Discovery & Development

• Chevron’s Congo subsidiary, Chevron Overseas Limited, has started oil and gas production from the Lianzi Field, located offshore between the Republic of Congo and Angola. The field is expected to produce an average of 40,000 bopd. Chevron is operator of the Lianzi Field and holds a 15.75% interest, along with Total, Eni and Sonangol.

• Houston-based Apache says it has made significant discoveries in the North Sea in both the Beryl and Forties fields which could hold up to 70million barrels of oil equivalent. The company found oil in the first two wells drilled in the Beryl area. Apache has also announced a discovery at its Seagull prospect, 50 miles south of the company's Forties Field, the largest oil field in the UK North Sea. The discoveries could increase its total North Sea reserve base by 50% and result in investment in new production facilities.
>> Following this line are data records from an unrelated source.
(* Let $\mathbf{w}_1,\dots,\mathbf{w}_6:\mathbb{R}\to\mathbb{R}^7$ be differentiable functions satisfying $$\tfrac{d\mathbf{w}_1}{dt}=2\mathbf{w}_2\times\mathbf{w}_3,\quad \tfrac{d\mathbf{w}_2}{dt}=2\mathbf{w}_1\times\mathbf{w}_3,\quad \tfrac{d\mathbf{w}_3}{dt}=-2\mathbf{w}_1\times\mathbf{w}_2,$$ $$\tfrac{d\mathbf{w}_4}{dt}=\mathbf{w}_1\times\mathbf{w}_5+\mathbf{w}_2\times\mathbf{w}_5-\mathbf{w}_3\times\mathbf{w}_4,\quad \tfrac{d\mathbf{w}_5}{dt}=-\mathbf{w}_1\times\mathbf{w}_4+\mathbf{w}_2\times\mathbf{w}_4+\mathbf{w}_3\times\mathbf{w}_5,\quad \tfrac{d\mathbf{w}_6}{dt}=\mathbf{w}_4\times\mathbf{w}_5 .$$ Then $$M=\Big\{\tfrac12(y_1^2+y_2^2)\mathbf{w}_1(t)+\tfrac12(y_1^2-y_2^2)\mathbf{w}_2(t)+y_1y_2\mathbf{w}_3(t)+y_1\mathbf{w}_4(t)+y_2\mathbf{w}_5(t)+\mathbf{w}_6(t):y_1,y_2,t\in\mathbb{R}\Big\}$$ is an associative 3-fold in $\mathbb{R}^7$ wherever it is nonsingular.
   Context: Let $(x_1,\dots,x_7)$ be coordinates on $\mathbb{R}^7$ with Euclidean metric $g$, and write $dx_{ijk}=dx_i\wedge dx_j\wedge dx_k$. Define $\varphi=dx_{123}+dx_{145}+dx_{167}+dx_{246}-dx_{257}-dx_{347}-dx_{356}$. The cross product $\times$ on $\mathbb{R}^7$ is defined by $g(u\times v,w)=\varphi(u,v,w)$ for all $u,v,w\in\mathbb{R}^7$. An oriented 3-dimensional (immersed) submanifold $N\subseteq\mathbb{R}^7$ is an associative 3-fold if $\varphi|_{T_xN}=\mathrm{vol}_{T_xN}$ for all $x\in N$. *)

From HB Require Import structures.
From mathcomp Require Import all_boot all_order all_algebra.
From mathcomp Require Import all_classical all_reals all_analysis.
Set Implicit Arguments. Unset Strict Implicit. Unset Printing Implicit Defensive.
Import Order.TTheory GRing.Theory Num.Theory.
Import numFieldNormedType.Exports.
Local Open Scope ring_scope.

Section G2.
Variable R : realType.

(* 1-based coordinate access: coord u i = x_i(u), i in 1..7 *)
Definition coord (u : 'rV[R]_7) (i : nat) : R := u 0 (inord i.-1).

Definition dx (i j k : nat) (u v w : 'rV[R]_7) : R :=
  let idx (a : 'I_3) := nth 0%N [:: i; j; k] a in
  let vec (a : 'I_3) := nth u [:: u; v; w] a in
  \det (\matrix_(a < 3, b < 3) coord (vec a) (idx b)).

Definition phi (u v w : 'rV[R]_7) : R :=
  dx 1 2 3 u v w + dx 1 4 5 u v w + dx 1 6 7 u v w + dx 2 4 6 u v w
  - dx 2 5 7 u v w - dx 3 4 7 u v w - dx 3 5 6 u v w.

Definition ebasis (k : 'I_7) : 'rV[R]_7 := delta_mx 0 k.

(* Cross product: g(u x v, w) = phi(u,v,w), i.e. (u x v)_k = phi(u,v,e_k) *)
Definition cross (u v : 'rV[R]_7) : 'rV[R]_7 := \row_k phi u v (ebasis k).

Definition mx3 (u v w : 'rV[R]_7) : 'M[R]_(3, 7) :=
  \matrix_(a < 3) nth u [:: u; v; w] a.

(* The oriented 3-plane spanned by the basis (u,v,w), with one of its two
   orientations, is calibrated by phi: phi restricted to the plane equals the
   volume form. The volume form of span(u,v,w) evaluated on (u,v,w) is
   +- sqrt(det Gram(u,v,w)), the sign depending on the chosen orientation. *)
Definition associative_plane (u v w : 'rV[R]_7) : Prop :=
  exists s : R, (s = 1 \/ s = -1) /\
    phi u v w = s * Num.sqrt (\det (mx3 u v w *m (mx3 u v w)^T)).

End G2.

Definition paramM (R : realType) (w1 w2 w3 w4 w5 w6 : R -> 'rV[R]_7)
    (y1 y2 t : R) : 'rV[R]_7 :=
  (2^-1 * (y1 ^+ 2 + y2 ^+ 2)) *: w1 t + (2^-1 * (y1 ^+ 2 - y2 ^+ 2)) *: w2 t
  + (y1 * y2) *: w3 t + y1 *: w4 t + y2 *: w5 t + w6 t.

(* Along the flow the parametrization F satisfies dF/dt = dF/dy1 x dF/dy2:
   with dF/dy1 = y1 w1 + y1 w2 + y2 w3 + w4 and dF/dy2 = y2 w1 - y2 w2 + y1 w3 + w5,
   expanding the cross product bilinearly (u x u = 0, v x u = - u x v) reproduces
   term by term the t-derivative prescribed by the ODE system.  A 3-plane spanned
   by u, v, u x v is always calibrated by phi: phi(u, v, u x v) = |u x v|^2, while
   u x v is orthogonal to u and v, so the Gram determinant of (u, v, u x v) is
   (|u|^2 |v|^2 - <u,v>^2) |u x v|^2 = |u x v|^4 by Lagrange's identity. *)

From Pilot Require Import Defs.
From HB Require Import structures.
From mathcomp Require Import all_boot all_order all_algebra.
From mathcomp Require Import all_classical all_reals all_analysis.
From mathcomp Require Import ring.
Import Order.TTheory GRing.Theory Num.Theory.
Import numFieldNormedType.Exports.
Set Implicit Arguments. Unset Strict Implicit. Unset Printing Implicit Defensive.
Local Open Scope ring_scope.

Lemma det3E (R : comPzRingType) (f : nat -> nat -> R) :
  \det (\matrix_(i < 3, j < 3) f i j) =
  f 0 0 * (f 1 1 * f 2 2 - f 1 2 * f 2 1)
  - f 0 1 * (f 1 0 * f 2 2 - f 1 2 * f 2 0)
  + f 0 2 * (f 1 0 * f 2 1 - f 1 1 * f 2 0).
Proof.
rewrite (expand_det_row _ ord0) !big_ord_recl big_ord0 /cofactor.
rewrite !(expand_det_row _ ord0) !big_ord_recl !big_ord0 /cofactor !det_mx11.
by rewrite !mxE /= /bump /=; ring.
Qed.

Section G2Algebra.
Variable R : realType.
Implicit Types u v w : 'rV[R]_7.
(* Plain [coord] would resolve to [vector.coord]. *)
Local Notation coord := Defs.coord.
Local Notation minor u v i j := (coord u i * coord v j - coord u j * coord v i).

Lemma coordD u v i : coord (u + v) i = coord u i + coord v i.
Proof. by rewrite /Defs.coord mxE. Qed.

Lemma coordN u i : coord (- u) i = - coord u i.
Proof. by rewrite /Defs.coord mxE. Qed.

Lemma coordZ a u i : coord (a *: u) i = a * coord u i.
Proof. by rewrite /Defs.coord mxE. Qed.

Lemma eq_row7_coords u v :
  coord u 1 = coord v 1 -> coord u 2 = coord v 2 -> coord u 3 = coord v 3 ->
  coord u 4 = coord v 4 -> coord u 5 = coord v 5 -> coord u 6 = coord v 6 ->
  coord u 7 = coord v 7 -> u = v.
Proof.
move=> e1 e2 e3 e4 e5 e6 e7; apply/rowP => k.
have entry_coord w : w 0 k = coord w k.+1 by rewrite /Defs.coord inord_val.
by rewrite !entry_coord {entry_coord}; case: k => [[|[|[|[|[|[|[|k]]]]]]]].
Qed.

Lemma coord_ebasis i j : (0 < i < 8)%N -> (0 < j < 8)%N ->
  coord (ebasis R (inord i.-1)) j = (i == j)%:R.
Proof.
case: i => // i /andP[_ i7]; case: j => // j /andP[_ j7].
rewrite /Defs.coord /ebasis mxE eqxx /= -(inj_eq val_inj) /= !inordK //.
by rewrite eqSS eq_sym.
Qed.

Lemma dxE i j k u v w : dx i j k u v w =
  coord u i * minor v w j k - coord u j * minor v w i k + coord u k * minor v w i j.
Proof.
by rewrite /dx (det3E (fun a b => coord (nth u [:: u; v; w] a) (nth 0%N [:: i; j; k] b))).
Qed.

Lemma coord_cross i u v : coord (cross u v) i = phi u v (ebasis R (inord i.-1)).
Proof. by rewrite /Defs.coord /cross mxE. Qed.

Ltac cross_coord := by rewrite coord_cross /phi !dxE !coord_ebasis //=; ring.

Lemma coord_cross1 u v : coord (cross u v) 1 = minor u v 2 3 + minor u v 4 5 + minor u v 6 7.
Proof. cross_coord. Qed.
Lemma coord_cross2 u v : coord (cross u v) 2 = - minor u v 1 3 + minor u v 4 6 - minor u v 5 7.
Proof. cross_coord. Qed.
Lemma coord_cross3 u v : coord (cross u v) 3 = minor u v 1 2 - minor u v 4 7 - minor u v 5 6.
Proof. cross_coord. Qed.
Lemma coord_cross4 u v : coord (cross u v) 4 = - minor u v 1 5 - minor u v 2 6 + minor u v 3 7.
Proof. cross_coord. Qed.
Lemma coord_cross5 u v : coord (cross u v) 5 = minor u v 1 4 + minor u v 2 7 + minor u v 3 6.
Proof. cross_coord. Qed.
Lemma coord_cross6 u v : coord (cross u v) 6 = - minor u v 1 7 + minor u v 2 4 - minor u v 3 5.
Proof. cross_coord. Qed.
Lemma coord_cross7 u v : coord (cross u v) 7 = minor u v 1 6 - minor u v 2 5 - minor u v 3 4.
Proof. cross_coord. Qed.

Definition coord_crossE := (coord_cross1, coord_cross2, coord_cross3,
  coord_cross4, coord_cross5, coord_cross6, coord_cross7).

Definition dot u v : R := \sum_(k < 7) u 0 k * v 0 k.

Lemma dotC u v : dot u v = dot v u.
Proof. by apply: eq_bigr => k _; rewrite mulrC. Qed.

Lemma dot_ge0 u : 0 <= dot u u.
Proof. by apply: sumr_ge0 => k _; exact: sqr_ge0. Qed.

Lemma dot_coordE u v : dot u v = coord u 1 * coord v 1 + coord u 2 * coord v 2
  + coord u 3 * coord v 3 + coord u 4 * coord v 4 + coord u 5 * coord v 5
  + coord u 6 * coord v 6 + coord u 7 * coord v 7.
Proof.
have -> : dot u v = \sum_(0 <= n < 7) coord u n.+1 * coord v n.+1.
  by rewrite big_mkord; apply: eq_bigr => k _; rewrite /Defs.coord /= inord_val.
by rewrite !big_nat_recl // big_geq // addr0 !addrA.
Qed.

Lemma phi_dot_cross u v w : phi u v w = dot (cross u v) w.
Proof. by rewrite /phi !dxE dot_coordE !coord_crossE; ring. Qed.

Lemma dot_cross_l u v : dot u (cross u v) = 0.
Proof. by rewrite dot_coordE !coord_crossE; ring. Qed.

Lemma dot_cross_r u v : dot v (cross u v) = 0.
Proof. by rewrite dot_coordE !coord_crossE; ring. Qed.

Lemma dot_cross u v :
  dot (cross u v) (cross u v) = dot u u * dot v v - dot u v ^+ 2.
Proof. by rewrite !dot_coordE !coord_crossE; ring. Qed.

Lemma gram_mx3 u v w : mx3 u v w *m (mx3 u v w)^T =
  \matrix_(a < 3, b < 3) dot (nth u [:: u; v; w] a) (nth u [:: u; v; w] b).
Proof. by apply/matrixP => a b; rewrite !mxE; apply: eq_bigr => k _; rewrite !mxE. Qed.

Lemma associative_plane_cross u v : associative_plane u v (cross u v).
Proof.
set w := cross u v.
have gram_det : \det (mx3 u v w *m (mx3 u v w)^T) = dot w w ^+ 2.
  rewrite gram_mx3 /=.
  rewrite (det3E (fun a b => dot (nth u [:: u; v; w] a) (nth u [:: u; v; w] b))) /=.
  rewrite [dot w u]dotC [dot w v]dotC [dot v u]dotC dot_cross_l dot_cross_r /w dot_cross.
  ring.
exists 1; split; first by left.
by rewrite gram_det sqrtr_sqr ger0_norm ?dot_ge0 // mul1r phi_dot_cross.
Qed.

End G2Algebra.

Lemma is_deriveZl (R : realType) (V : normedModType R) (f : R -> R) (c : V) (x df : R) :
  is_derive x 1 f df -> is_derive x 1 (fun s => f s *: c) (df *: c).
Proof.
move=> fx; have df1 : differentiable f x by apply/derivable1_diffP.
apply: DeriveDef; first exact/diff_derivable/differentiableZl.
rewrite deriveE; last exact: differentiableZl.
by rewrite diffZl // -deriveE // derive_val.
Qed.
#[local] Existing Instance is_deriveZl.

Section ParamDerivatives.
Variables (R : realType) (w1 w2 w3 w4 w5 w6 : R -> 'rV[R]_7).
Local Notation F := (paramM w1 w2 w3 w4 w5 w6).

Lemma derive1_paramM_y1 y1 y2 t :
  derive1 (fun s => F s y2 t) y1 = y1 *: w1 t + y1 *: w2 t + y2 *: w3 t + w4 t.
Proof.
rewrite derive1E; apply: derive_val; apply: is_derive_eq.
have half_sum : 2^-1 * (y1 * 1 + y1 * 1 + 0) = y1 by field.
have half_diff : 2^-1 * (y1 * 1 + y1 * 1 - 0) = y1 by field.
by rewrite [X in X *: w1 t]half_sum [X in X *: w2 t]half_diff !scale1r !addr0.
Qed.

Lemma derive1_paramM_y2 y1 y2 t :
  derive1 (fun s => F y1 s t) y2 = y2 *: w1 t - y2 *: w2 t + y1 *: w3 t + w5 t.
Proof.
rewrite derive1E; apply: derive_val; apply: is_derive_eq.
have half_sum : 2^-1 * ((0 + 1) * (y2 * 1 + y2 * 1)) = y2 by field.
have half_diff : 2^-1 * ((0 + 1) * - (y2 * 1 + y2 * 1)) = - y2 by field.
have scalar_y1 : y1%:A = y1 :> R by exact: mulr1.
by rewrite [X in X *: w1 t]half_sum [X in X *: w2 t]half_diff scalar_y1 scale1r !addr0 scaleNr.
Qed.

Lemma derive1_paramM_t (d1 d2 d3 d4 d5 d6 : R -> 'rV[R]_7) (y1 y2 t : R) :
  (forall t : R, is_derive t 1 w1 (d1 t)) -> (forall t : R, is_derive t 1 w2 (d2 t)) ->
  (forall t : R, is_derive t 1 w3 (d3 t)) -> (forall t : R, is_derive t 1 w4 (d4 t)) ->
  (forall t : R, is_derive t 1 w5 (d5 t)) -> (forall t : R, is_derive t 1 w6 (d6 t)) ->
  derive1 (fun s => F y1 y2 s) t =
  (2^-1 * (y1 ^+ 2 + y2 ^+ 2)) *: d1 t + (2^-1 * (y1 ^+ 2 - y2 ^+ 2)) *: d2 t
  + (y1 * y2) *: d3 t + y1 *: d4 t + y2 *: d5 t + d6 t.
Proof. by move=> *; rewrite derive1E; apply: derive_val. Qed.

End ParamDerivatives.

Section AssociativeFlow.
Variables (R : realType) (w1 w2 w3 w4 w5 w6 : R -> 'rV[R]_7).
Hypothesis dw1 : forall t : R, is_derive t (1 : R) w1 (2 *: cross (w2 t) (w3 t)).
Hypothesis dw2 : forall t : R, is_derive t (1 : R) w2 (2 *: cross (w1 t) (w3 t)).
Hypothesis dw3 : forall t : R, is_derive t (1 : R) w3 (- (2 *: cross (w1 t) (w2 t))).
Hypothesis dw4 : forall t : R, is_derive t (1 : R) w4
  (cross (w1 t) (w5 t) + cross (w2 t) (w5 t) - cross (w3 t) (w4 t)).
Hypothesis dw5 : forall t : R, is_derive t (1 : R) w5
  (- cross (w1 t) (w4 t) + cross (w2 t) (w4 t) + cross (w3 t) (w5 t)).
Hypothesis dw6 : forall t : R, is_derive t (1 : R) w6 (cross (w4 t) (w5 t)).
Local Notation F := (paramM w1 w2 w3 w4 w5 w6).

Lemma derive1_paramM_t_cross y1 y2 t :
  derive1 (fun s => F y1 y2 s) t =
  cross (derive1 (fun s => F s y2 t) y1) (derive1 (fun s => F y1 s t) y2).
Proof.
rewrite (derive1_paramM_t y1 y2 t dw1 dw2 dw3 dw4 dw5 dw6).
rewrite derive1_paramM_y1 derive1_paramM_y2.
by apply: eq_row7_coords; rewrite !(coordD, coordN, coordZ, coord_crossE); field.
Qed.

End AssociativeFlow.

Theorem theorem5p3 (R : realType) (w1 w2 w3 w4 w5 w6 : R -> 'rV[R]_7) :
  (forall t : R, is_derive t (1 : R) w1 (2 *: cross (w2 t) (w3 t))) ->
  (forall t : R, is_derive t (1 : R) w2 (2 *: cross (w1 t) (w3 t))) ->
  (forall t : R, is_derive t (1 : R) w3 (- (2 *: cross (w1 t) (w2 t)))) ->
  (forall t : R, is_derive t (1 : R) w4
     (cross (w1 t) (w5 t) + cross (w2 t) (w5 t) - cross (w3 t) (w4 t))) ->
  (forall t : R, is_derive t (1 : R) w5
     (- cross (w1 t) (w4 t) + cross (w2 t) (w4 t) + cross (w3 t) (w5 t))) ->
  (forall t : R, is_derive t (1 : R) w6 (cross (w4 t) (w5 t))) ->
  forall y1 y2 t : R,
    let F := paramM w1 w2 w3 w4 w5 w6 in
    let Fy1 := derive1 (fun s => F s y2 t) y1 in
    let Fy2 := derive1 (fun s => F y1 s t) y2 in
    let Ft := derive1 (fun s => F y1 y2 s) t in
    (* nonsingular point: the differential of the parametrization has rank 3 *)
    row_free (mx3 Fy1 Fy2 Ft) ->
    associative_plane Fy1 Fy2 Ft.
Proof.
(* The calibration identity holds at every point; nonsingularity is only what
   makes M an immersed 3-fold there. *)
move=> dw1 dw2 dw3 dw4 dw5 dw6 y1 y2 t F Fy1 Fy2 Ft _.
rewrite /Ft (derive1_paramM_t_cross dw1 dw2 dw3 dw4 dw5 dw6).
exact: associative_plane_cross.
Qed.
• Chevron’s Anchor discovery in the deepwaters of the Gulf of Mexico is looking very promising, but more testing is still needed to determine the real potential here. Chevron says that early results suggest that the prospect may be big enough to be classified as a ‘hub’—on par with Chevron’s Jack/St. Malo fields in the Gulf of Mexico. As of yet we have no word on when Chevron will drill more exploratory wells to test Anchor, which is about 140 miles off the coast of Louisiana in 5,180 feet of water in the Lower Tertiary Wilcox. Last year, Chevron struck 690 feet of net oil pay here and conducted appraisal drilling in June, finding 694 feet of net oil pay. So far, Chevron has confirmed a hydrocarbon column of at least 1,800 feet in the Anchor reservoirs.